I think that it surveys the room and decides what advertisement would best suit the room rather than any one person. That's why It's being used in subways/train stations I guess, because people are standing around relatively still waiting for a train rather than buzzing past.

I don't think it's an invasion of privacy either for much the same reasons as you. Your height/gender etc. aren't really personal information, every time you go out in public you are choosing to put these aspects of yourself on display. Wether it be an artificial eye or a real eye I think it's much the same thing, they are just 'looking' at you.


----------



## Brian G Turner (Jul 18, 2010)

Doctor Crankenstein said:


> http://www.dailytech.com/Tokyos+Minority+Report+Ad+Boards+Scan+Viewers+Sex+and+Age/article19063.htm
> Personally I don't have a problem with it. It's the same  thing as targeted advertising on the internet. I don't  particularly understand people who complain about targeted advertising.  Wouldn't you rather see only the interesting and relevant advertising  instead of boring irrelevant rubbish?



The trouble is, much of this is done by wholesale tracking of individuals regardless.

People complain about "big brother CCTV cameras" but don't seem to realise how extensively Google especially tracks people online.

If you use Google, GMail, Google Checkout, for instance, they already know what you like, where you look for it, who your friends are, what you write in private, and even your credit card number.

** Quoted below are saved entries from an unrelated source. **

(* Let $\mathcal U$ be an update family and let $u^*\in\mathcal S$ be a rational direction with $\alpha^-(u^* )=\infty$. Then there exists $u_0\in S^1\setminus\{u^*\}$ such that the closed arc $[u_0,u^*]$ (the short arc between them) is contained in $\mathcal S$, $\alpha^-(u)=\infty$ for all rational $u\in[u_0,u^*]$, and for every $u\in[u_0,u^*]$ and all $a,b\in\mathbb Z^2$ for which $$J=\big(\mathbb H_{u_0}(a)\cap\mathbb H_{u^*}(b)\big)\setminus\mathbb H_u$$ is non-empty, the set $\mathbb H_u\cup J$ is closed, i.e. $[\mathbb H_u\cup J]=\mathbb H_u\cup J$.
   Context: Update family $\mathcal U$: finite collection of finite subsets of $\mathbb Z^2\setminus\{0\}$; $A_{t+1}=A_t\cup\{x:x+X\subset A_t,\ X\in\mathcal U\}$, $[A]=\bigcup_tA_t$. $\mathbb H_u(a)=\{x\in\mathbb Z^2:\langle x-a,u\rangle<0\}$, $\mathbb H_u=\mathbb H_u(0)$; $u$ stable if $[\mathbb H_u]=\mathbb H_u$, $\mathcal S$ the stable set. For rational $u$ (rational or infinite slope), $\ell_u^-$ is the origin together with the sites of $\{x:\langle x,u\rangle=0\}$ to the left of the origin looking in direction $u$, and $\alpha^-(u)$ is the minimal cardinality of $Z\subset\mathbb Z^2$ such that $[\mathbb H_u\cup Z]$ contains infinitely many sites of $\ell_u^-$ ($\infty$ if none exists). A set of the form $J$ above is called a $u$-iceberg. *)

From Stdlib Require Export Reals ZArith List.
Open Scope R_scope.

Definition site := (Z * Z)%type.
Definition vec := (R * R)%type.
Definition siteset := site -> Prop.

Definition update_family := list (list site).
Definition valid_family (U : update_family) : Prop :=
  forall X, In X U -> ~ In (0%Z, 0%Z) X.

Definition sadd (x y : site) : site := ((fst x + fst y)%Z, (snd x + snd y)%Z).

Fixpoint step_iter (U : update_family) (A : siteset) (t : nat) : siteset :=
  match t with
  | O => A
  | S t' => fun x => step_iter U A t' x \/
             exists X, In X U /\ forall y, In y X -> step_iter U A t' (sadd x y)
  end.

Somehow this is considered a "good thing" because Google are a "good company" - though how that figures as a billion dollar multinational I wouldn't know. If it were Microsoft doing it there would be far bigger protests - the irony being that Microsoft are actually less capable at data sorting.


----------



## Doctor Crankenstein (Jul 19, 2010)

> If it were Microsoft doing it there would be far bigger protests



Agreed.


----------